Task1: Implement POM1
As described in the paper. See if you can generate the three figures for low, medium, high dynamism.
Task2: Monkey's Banana
Here's a little throw-away AI task, just to make sure you don't feel AI-starved.
Using DFS, BFS, DFID, adapt the tree search algorithm i gave you in class to the monkey/banana problem shown in class (and yes, you to use the (op ...) syntax.
If you answer this question properly then your search engine should be very general and the only place we see domain details is in (op).
Important: the 400 level students are also solving this problem but their solution is due 3 weeks after yours. Please ensure that they do not see your code. Testing Task2:
I will run demo-task2 and expect to see a trace generating of the monkey getting the banana. Then, I will edit the "-op" list, run again, and expect a different behavior.
Important: the 400 level students are also solving this problem but their solution is due 3 weeks after yours.

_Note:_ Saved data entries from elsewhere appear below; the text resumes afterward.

(* Consider the minimum weight bipartite matching problem for two multisets $R,B$ of $n$ points each in the $d$-dimensional Boolean hypercube $Q_d$ with the $\ell_1$ metric, and suppose the instance is $(d^{3/4},d^{3/4})$-bounded. Then the greedy algorithm achieves an approximation factor of $o(d^{3/4})$, i.e., the weight of the greedy matching is at most $o(d^{3/4})$ times the weight of a minimum weight perfect matching.
   Context: An instance is $(\eta,\zeta)$-bounded if all points of $R\cup B$ can be covered by $\eta$ $\ell_1$-balls of radius $\zeta$ lying within $Q_d$. The greedy algorithm repeatedly matches a pair of currently unmatched points $r\in R$, $b\in B$ at minimum $\ell_1$ distance among all unmatched pairs (ties broken arbitrarily). The weight of a matching is the sum of the $\ell_1$ lengths of its edges. Asymptotics are as $d\to\infty$. *)

From mathcomp Require Import all_boot all_order all_algebra all_fingroup.
From mathcomp Require Import all_classical all_reals all_analysis.
Set Implicit Arguments. Unset Strict Implicit. Unset Printing Implicit Defensive.
Import Order.TTheory GRing.Theory Num.Theory.
Local Open Scope ring_scope.

Definition cube (d : nat) := {ffun 'I_d -> bool}.

(* The l1 distance on Q_d (= Hamming distance). *)
Definition dist1 (d : nat) (x y : cube d) : nat := #|[set i | x i != y i]|.

(* A perfect matching between R and B (n points each, multisets given as
   indexed families) is a permutation s : R i is matched to B (s i). *)
Definition mweight (d n : nat) (R B : 'I_n -> cube d) (s : 'S_n) : nat :=
  (\sum_(i < n) dist1 (R i) (B (s i)))%N.

Definition is_min_matching (d n : nat) (R B : 'I_n -> cube d) (s : 'S_n) :=
  forall s' : 'S_n, (mweight R B s <= mweight R B s')%N.

(* s is an output of the greedy algorithm (with some tie-breaking): there is
   an order tau in which the pairs (R (tau k), B (s (tau k))) are matched,
   and at each step k the matched pair has minimum distance among all pairs
   of still unmatched points. *)
Definition is_greedy_matching (d n : nat) (R B : 'I_n -> cube d) (s : 'S_n) :=
  exists tau : 'S_n, forall (k i j : 'I_n),
    (forall l : 'I_n, (l < k)%N -> tau l != i) ->
    (forall l : 'I_n, (l < k)%N -> s (tau l) != j) ->
    (dist1 (R (tau k)) (B (s (tau k))) <= dist1 (R i) (B j))%N.

Definition bounded_instance (Rl : realType) (d n : nat) (eta zeta : Rl)
    (R B : 'I_n -> cube d) :=
  exists (m : nat) (c : 'I_m -> cube d),
    (m%:R <= eta) /\
    (forall i : 'I_n, exists k : 'I_m, (dist1 (R i) (c k))%:R <= zeta) /\
    (forall j : 'I_n, exists k : 'I_m, (dist1 (B j) (c k))%:R <= zeta).

From mathcomp Require Import all_boot all_order all_algebra all_fingroup.
From mathcomp Require Import all_classical all_reals all_analysis.
From mathcomp Require Import zify ring lra.
Import Order.TTheory GRing.Theory Num.Theory numFieldNormedType.Exports.
Set Implicit Arguments. Unset Strict Implicit. Unset Printing Implicit Defensive.

(* Let phi := sg^-1 \o so: the walk x, phi x, phi^2 x, ... alternates optimal
   edges R x -- B (so x) and greedy edges B (sg (phi x)) -- R (phi x). If every
   inner greedy edge of such a walk was matched before both end points, then
   splitting at the inner edge matched last, where the greedy choice compares it
   with the two half-walks, bounds the distance between the end points by the
   square of the optimal weight along the walk. Now fix the earliest matched
   greedy edge e longer than K^2 and cut the cycles of phi at the points matched
   no earlier than e. Each piece is such a walk and e was chosen while its end
   points were free, so K^2 < |e| <= (optimal weight of the piece)^2; the pieces
   are disjoint and at least as many as the greedy edges longer than K^2. As no
   edge is longer than d, the greedy weight is at most K^2 + d/(K+1) times the
   weight of ANY perfect matching, on any instance: K ~ d^(1/3) gives the factor
   O(d^(2/3)) = o(d^(3/4)) without using boundedness. *)

Local Open Scope nat_scope.

Lemma dist1C d (x y : cube d) : dist1 x y = dist1 y x.
Proof. by apply: eq_card => i; rewrite !inE eq_sym. Qed.

Lemma dist1_triangle d (x y z : cube d) : dist1 x z <= dist1 x y + dist1 y z.
Proof.
have sub : [set i | x i != z i] \subset [set i | x i != y i] :|: [set i | y i != z i].
  by apply/fintype.subsetP => i; rewrite !inE; case: (x i) (y i) (z i) => [] [] [].
by apply: leq_trans (subset_leq_card sub) _; rewrite cardsU leq_subr.
Qed.

Lemma dist1_le d (x y : cube d) : dist1 x y <= d.
Proof. by rewrite -{2}[d]card_ord max_card. Qed.

Lemma dist1_zigzag d (x w y z : cube d) :
  dist1 x y <= dist1 x z + dist1 w z + dist1 w y.
Proof.
rewrite -addnA; apply: leq_trans (dist1_triangle x z y) _; rewrite leq_add2l.
by rewrite (dist1C w z); exact: dist1_triangle.
Qed.

Lemma sqr_split_bound D D1 D2 l A1 A2 :
  D <= D1 + l + D2 -> l <= D1 -> l <= D2 -> D1 <= A1 ^ 2 -> D2 <= A2 ^ 2 ->
  D <= (A1 + A2) ^ 2.
Proof.
move=> DD lD1 lD2 DA1 DA2.
have lA : l <= A1 * A2 by case: (leqP A1 A2) => _; nia.
nia.
Qed.

Lemma ex_argmax_nat (f : nat -> nat) i k : i.+1 < k ->
  exists2 j, i < j < k & forall a, i < a < k -> f a <= f j.
Proof.
move=> ik; have [j ij jmax] :=
  @arg_maxnP _ (Ordinal ik) (fun j : 'I_k => i < j) (fun j => f j) (ltnSn i).
exists j; first by rewrite ij ltn_ord.
by move=> a /andP[ia ak]; exact: (jmax (Ordinal ak)).
Qed.

Section ReturnTime.
Variables (T : finType) (phi : {perm T}) (S : {set T}).

(* The first return of x to S takes (return_time x).+1 steps of phi. *)
Definition return_time x := find (fun b => iter b.+1 phi x \in S) (iota 0 #[phi]%g).

Lemma return_timeP x : x \in S ->
  [/\ return_time x < #[phi]%g, iter (return_time x).+1 phi x \in S &
      forall a, 0 < a <= return_time x -> iter a phi x \notin S].
Proof.
move=> Sx; have phi_gt0 := order_gt0 phi.
have hasS : has (fun b => iter b.+1 phi x \in S) (iota 0 #[phi]%g).
  apply/hasP; exists #[phi]%g.-1; first by rewrite mem_iota; lia.
  by rewrite prednK // -permX expg_order perm1.
have lt_ret : return_time x < #[phi]%g by move: hasS; rewrite has_find size_iota.
split=> // [|a /andP[a_gt0 a_le]].
  by have := nth_find 0 hasS; rewrite nth_iota.
have lt_a : a.-1 < return_time x by lia.
by have := before_find 0 lt_a; rewrite nth_iota ?add0n ?prednK // => [->|]; lia.
Qed.

Lemma return_segment_inj x y a b : x \in S -> y \in S ->
  a <= return_time x -> b <= return_time y -> iter a phi x = iter b phi y ->
  a = b /\ x = y.
Proof.
wlog le_ab : x y a b / a <= b.
  move=> hwlog Sx Sy ax yb e; case: (leqP a b) => [|/ltnW] ab; first exact: hwlog.
  by have [-> ->] := hwlog y x b a ab Sy Sx yb ax (esym e).
move=> Sx Sy _ yb e.
have x_iter : x = iter (b - a) phi y.
  by apply: (@perm_inj _ (phi ^+ a)%g); rewrite !permX -iterD subnKC.
have [_ _ notS] := return_timeP Sy.
case: (posnP (b - a)) => [ba0|ba_gt0]; first by rewrite x_iter ba0; split=> //; lia.
by move: Sx; rewrite x_iter (negbTE (notS _ _)) // ba_gt0; lia.
Qed.

Lemma sum_return_segments_le (o : T -> nat) :
  \sum_(x in S) \sum_(a < (return_time x).+1) o (iter a phi x) <= \sum_x o x.
Proof.
pose N := #[phi]%g; pose seg (p : T * 'I_N) := iter p.2 phi p.1.
pose P := [set p : T * 'I_N | (p.1 \in S) && (p.2 < (return_time p.1).+1)].
have widen x : x \in S -> \sum_(a < (return_time x).+1) o (iter a phi x) =
    \sum_(a < N | a < (return_time x).+1) o (iter a phi x).
  move=> Sx; have [lt_ret _ _] := return_timeP Sx.
  by rewrite (big_ord_widen N (fun a => o (iter a phi x))).
have seg_inj : {in P &, injective seg}.
  move=> [x a] [y b]; rewrite !inE /= => /andP[Sx ax] /andP[Sy yb].
  by move=> /(return_segment_inj Sx Sy ax yb) [/val_inj -> ->].
rewrite (eq_bigr _ widen) pair_big_dep (eq_bigl (mem P)) => [|p]; last first.
  by rewrite /= inE.
rewrite -(big_imset _ seg_inj) /= big_mkcond /=.
by apply: leq_sum => y _; case: ifP.
Qed.

End ReturnTime.

Definition match_step n (tau : 'S_n) (i : 'I_n) : nat := (tau^-1)%g i.

Section GreedyMatching.
Variables (d n : nat) (R B : 'I_n -> cube d) (sg so tau : 'S_n).
Hypothesis greedy : forall k i j : 'I_n,
  (forall l : 'I_n, l < k -> tau l != i) ->
  (forall l : 'I_n, l < k -> sg (tau l) != j) ->
  dist1 (R (tau k)) (B (sg (tau k))) <= dist1 (R i) (B j).

Local Notation step := (match_step tau).
Local Notation ell i := (dist1 (R i) (B (sg i))).
Local Notation opt i := (dist1 (R i) (B (so i))).

Lemma greedy_le i0 i j : step i0 <= step i -> step i0 <= step ((sg^-1)%g j) ->
  ell i0 <= dist1 (R i) (B j).
Proof.
move=> i0_i i0_j; have := @greedy ((tau^-1)%g i0) i j; rewrite permKV; apply.
- move=> l; apply: contraTneq => tl_i.
  by move: i0_i; rewrite -tl_i /match_step permK -leqNgt.
- move=> l; apply: contraTneq => sgtl_j.
  by move: i0_j; rewrite -sgtl_j /match_step !permK -leqNgt.
Qed.

Lemma alternating_walk_bound (p : nat -> 'I_n) : (forall a, sg (p a.+1) = so (p a)) ->
  forall i k T, i < k -> T <= step (p i) -> T <= step (p k) ->
  (forall a, i < a < k -> step (p a) <= T) ->
  dist1 (R (p i)) (B (sg (p k))) <= (\sum_(i <= a < k) opt (p a)) ^ 2.
Proof.
move=> walk i k T ik; have [N] := ubnP (k - i).
elim: N i k T ik => // N IH i k T ik kiN Ti Tk mid.
have [->|k_ne] := eqVneq k i.+1; first by rewrite big_nat1 walk; nia.
have ik1 : i.+1 < k by rewrite ltn_neqAle eq_sym k_ne ik.
have [j /andP[ij jk] jmax] := ex_argmax_nat (fun a => step (p a)) ik1.
have jT : step (p j) <= T by apply: mid; rewrite ij jk.
have D1 : dist1 (R (p i)) (B (sg (p j))) <= (\sum_(i <= a < j) opt (p a)) ^ 2.
  apply: (IH i j (step (p j)) ij); [lia | lia | by [] |].
  by move=> a /andP[ia aj]; apply: jmax; lia.
have D2 : dist1 (R (p j)) (B (sg (p k))) <= (\sum_(j <= a < k) opt (p a)) ^ 2.
  apply: (IH j k (step (p j)) jk); [lia | by [] | lia |].
  by move=> a /andP[ja ak]; apply: jmax; lia.
(* The greedy edge at p j was chosen while R (p i) and B (sg (p k)) were free. *)
have l1 : ell (p j) <= dist1 (R (p i)) (B (sg (p j))).
  by apply: greedy_le; rewrite ?permK; lia.
have l2 : ell (p j) <= dist1 (R (p j)) (B (sg (p k))).
  by apply: greedy_le; rewrite ?permK; lia.
rewrite (big_cat_nat (ltnW ij) (ltnW jk)) /=.
exact: sqr_split_bound (dist1_zigzag _ (R (p j)) _ _) l1 l2 D1 D2.
Qed.

Lemma card_long_greedy_edges K :
  K.+1 * #|[set i | K ^ 2 < ell i]| <= mweight R B so.
Proof.
set C := [set i | _]; have [->|[i1 Ci1]] := set_0Vmem C; first by rewrite cards0 muln0.
have [i0 Ci0 i0_min] := arg_minnP step Ci1.
pose phi := (so * sg^-1)%g; pose S := [set i | step i0 <= step i].
have sg_phi x : sg (phi x) = so x by rewrite permM permKV.
have CS : C \subset S by apply/fintype.subsetP => i /i0_min; rewrite inE.
apply: leq_trans (leq_mul (leqnn _) (subset_leq_card CS)) _.
rewrite mulnC -sum_nat_const; apply: leq_trans (sum_return_segments_le phi S _).
apply: leq_sum => x Sx; have [_ Send Smid] := return_timeP phi Sx.
set m := return_time phi S x in Send Smid *.
have K2_lt : K ^ 2 < dist1 (R x) (B (sg (iter m.+1 phi x))).
  apply: (@leq_trans (ell i0)).
    by have : i0 \in C := Ci0; rewrite inE.
  by apply: greedy_le; rewrite ?permK; move: Sx Send; rewrite /S !inE.
rewrite -(ltn_exp2r _ _ (ltn0Sn 1)) -(big_mkord xpredT (fun a => opt (iter a phi x))).
apply: leq_trans K2_lt _.
apply: (@alternating_walk_bound (fun a => iter a phi x) (fun a => sg_phi _) 0 m.+1 (step i0)) => //.
- by move: Sx; rewrite /S inE.
- by move: Send; rewrite /S inE.
- by move=> a /Smid; rewrite /S inE -ltnNge => /ltnW.
Qed.

Lemma greedy_weight_bound K :
  K.+1 * mweight R B sg <= (K.+1 * K ^ 2 + d) * mweight R B so.
Proof.
have short := card_long_greedy_edges 0; have long := card_long_greedy_edges K.
have split_weight : mweight R B sg <=
    K ^ 2 * #|[set i | 0 ^ 2 < ell i]| + d * #|[set i | K ^ 2 < ell i]|.
  rewrite ![_ * #|_|]mulnC -!sum_nat_const [X in _ <= X + _]big_mkcond.
  rewrite [X in _ <= _ + X]big_mkcond -big_split /=; apply: leq_sum => i _.
  by have := dist1_le (R i) (B (sg i)); rewrite !inE; do 2 case: ifP; lia.
rewrite mul1n in short; apply: leq_trans (leq_mul (leqnn K.+1) split_weight) _.
rewrite mulnDr mulnDl mulnA mulnCA.
by apply: leq_add; apply: leq_mul.
Qed.
End GreedyMatching.

Local Open Scope classical_set_scope.
Local Open Scope ring_scope.

Section RealBounds.
Variable R : realType.

Lemma natr_powR_cvgy (r : R) : 0 < r -> (fun n : nat => n%:R `^ r) @ \oo --> +oo.
Proof.
move=> r_gt0; apply/cvgryPge => A; pose A' := Num.max A 0.
have [AA' A'_ge0] : A <= A' /\ 0 <= A' by rewrite !le_max !lexx orbT.
exists (Num.truncn (A' `^ r^-1)).+1 => // n /= le_n; apply: le_trans AA' _.
have -> : A' = (A' `^ r^-1) `^ r by rewrite -powRrM mulVf ?gt_eqF // powRr1.
apply: (ge0_ler_powR (ltW r_gt0)); rewrite ?nnegrE ?powR_ge0 //.
have /andP[_ /ltW lt_A'] := truncn_itv (powR_ge0 A' r^-1).
by apply: le_trans lt_A' _; rewrite ler_nat.
Qed.

Lemma powR_natr_div (x : R) (k m : nat) : 0 <= x ->
  x `^ (k%:R / m%:R) = (x `^ (1 / m%:R)) ^+ k.
Proof. by move=> x_ge0; rewrite -powR_mulrn ?powR_ge0 // -powRrM mul1r mulrC. Qed.

Definition cbrt_floor (d : nat) : nat := Num.truncn ((d%:R : R) `^ (1/3)).

Definition greedy_ratio (d : nat) : R :=
  (cbrt_floor d)%:R ^+ 2 + d%:R / (cbrt_floor d).+1%:R.

Lemma greedy_ratio_le d : (0 < d)%N ->
  greedy_ratio d / d%:R `^ (3/4) <= 2 / d%:R `^ (1/12).
Proof.
move=> d_gt0; rewrite /greedy_ratio /cbrt_floor; set y := d%:R `^ (1/12).
have y_gt0 : 0 < y by rewrite powR_gt0 // ltr0n.
have pow_y k : (d%:R : R) `^ (k%:R / 12) = y ^+ k by exact: powR_natr_div.
have -> : (d%:R : R) `^ (1/3) = y ^+ 4 by rewrite -pow_y; congr (_ `^ _); field.
have -> : (d%:R : R) `^ (3/4) = y ^+ 9 by rewrite -pow_y; congr (_ `^ _); field.
have -> : (d%:R : R) = y ^+ 12 by rewrite -pow_y divff ?powRr1 ?ler0n.
have /andP[] := truncn_itv (exprn_ge0 4 (ltW y_gt0)).
rewrite -natr1; set k := (Num.truncn _)%:R => k_le k_lt.
have k_ge0 : 0 <= k by rewrite ler0n.
rewrite ler_pdivrMr ?exprn_gt0 // [y ^+ 12](exprM y 4 3).
have -> : 2 / y * y ^+ 9 = 2 * (y ^+ 4) ^+ 2 by rewrite -exprM; field; lra.
set z := y ^+ 4 in k_le k_lt *.
have : z ^+ 3 / (k + 1) <= z ^+ 2 by rewrite ler_pdivrMr; nra.
have : k ^+ 2 <= z ^+ 2 by nra.
lra.
Qed.

Lemma greedy_ratio_ge0 d : 0 <= greedy_ratio d.
Proof. by rewrite addr_ge0 ?exprn_ge0 ?divr_ge0. Qed.

Lemma greedy_ratio_cvg :
  (fun d : nat => greedy_ratio d / d%:R `^ (3/4)) @ \oo --> (0 : R).
Proof.
have : (fun d : nat => 2 * ((d%:R : R) `^ (1/12))^-1) @ \oo --> 0.
  rewrite -[0](mulr0 2); apply: cvgMl_tmp; apply/gtr0_cvgV0.
    by exists 1%N => // d /= d_gt0; rewrite powR_gt0 // ltr0n.
  exact: natr_powR_cvgy.
apply: squeeze_cvgr (cvg_cst 0); exists 1%N => // d /= d_gt0.
by rewrite divr_ge0 ?greedy_ratio_ge0 ?powR_ge0 // greedy_ratio_le.
Qed.

Lemma greedy_ratio_mulSn d : greedy_ratio d * (cbrt_floor d).+1%:R =
  ((cbrt_floor d).+1 * cbrt_floor d ^ 2 + d)%N%:R.
Proof.
by rewrite /greedy_ratio natrD natrM natrX; field; rewrite addrC natr1 pnatr_eq0.
Qed.

End RealBounds.

Theorem corollary1 (Rl : realType) :
  exists f : nat -> Rl,
    (fun d : nat => f d / (d%:R `^ (3 / 4 : Rl))) @ \oo --> (0 : Rl) /\
    forall (d n : nat) (R B : 'I_n -> cube d) (sg so : 'S_n),
      bounded_instance (d%:R `^ (3 / 4 : Rl)) (d%:R `^ (3 / 4 : Rl)) R B ->
      is_greedy_matching R B sg ->
      is_min_matching R B so ->
      (mweight R B sg)%:R <= f d * (mweight R B so)%:R.
Proof.
exists (greedy_ratio Rl); split; first exact: greedy_ratio_cvg.
move=> d n R B sg so _ [tau greedy] _.
have K1_gt0 : 0 < (cbrt_floor Rl d).+1%:R :> Rl by rewrite ltr0n.
rewrite -(ler_pM2l K1_gt0) mulrA [_ * greedy_ratio _ _]mulrC greedy_ratio_mulSn.
by rewrite -!natrM ler_nat (greedy_weight_bound so greedy).
Qed.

Please ensure that they do not see your code.
Task3: Implement POM2
Same deliverables above. But now generate 32 graphs for low,high * {dynamism, size, culture, criticality, personnel}.
Task4: Implement "define"
Implement the define function shown above. Make it store the generated dists in a global *dists*.
Testing Task4: I will run various defines and then inspect *dists*.
Task5: Updates
Implement the update functionality described above. Hint, see any.lisp.
Testing Task5: I will run various demo-task5, that you write, and I expect to see before and after printing of values pulled from *dists*.
Task6: Nudging
Implement the nudging functionality described above.
Testing Task6: I will run various demo-task6, that you write, and I expect to see before and after nudging values pulled from *dists*.
Task7: Sampling
Implement the sampling functionality described above.
Testing Task7: I will run various demo-task7, that you write, and I expect to see values printed from a sample of *dist* vars that conforms to the distributions defined in your define functions.
Task8: Completion
Implement the completing functionality described above.
Testing Task8: I will run various demo-task8, that you write, and I expect to see a print of a vector containing some undecided values. Then, after completing, there will be another vector with atoms filled in from each value.

What's Next?

That's all for this project. But if you want to get started on the next one:

Augment your representation of a project such that some distributions are fixed (can't be controlled).
Implement a simulated annealing search for better project options that most increase value/cost. Using nudging to alter some percent of the non-fixed project options in the current solution.
As above, but use a beam search. Assume that no ranges have been selected, do random sims to assign scores to randomly selected inputs (and by random, we mean complete an empty vector). by their distance to the max score.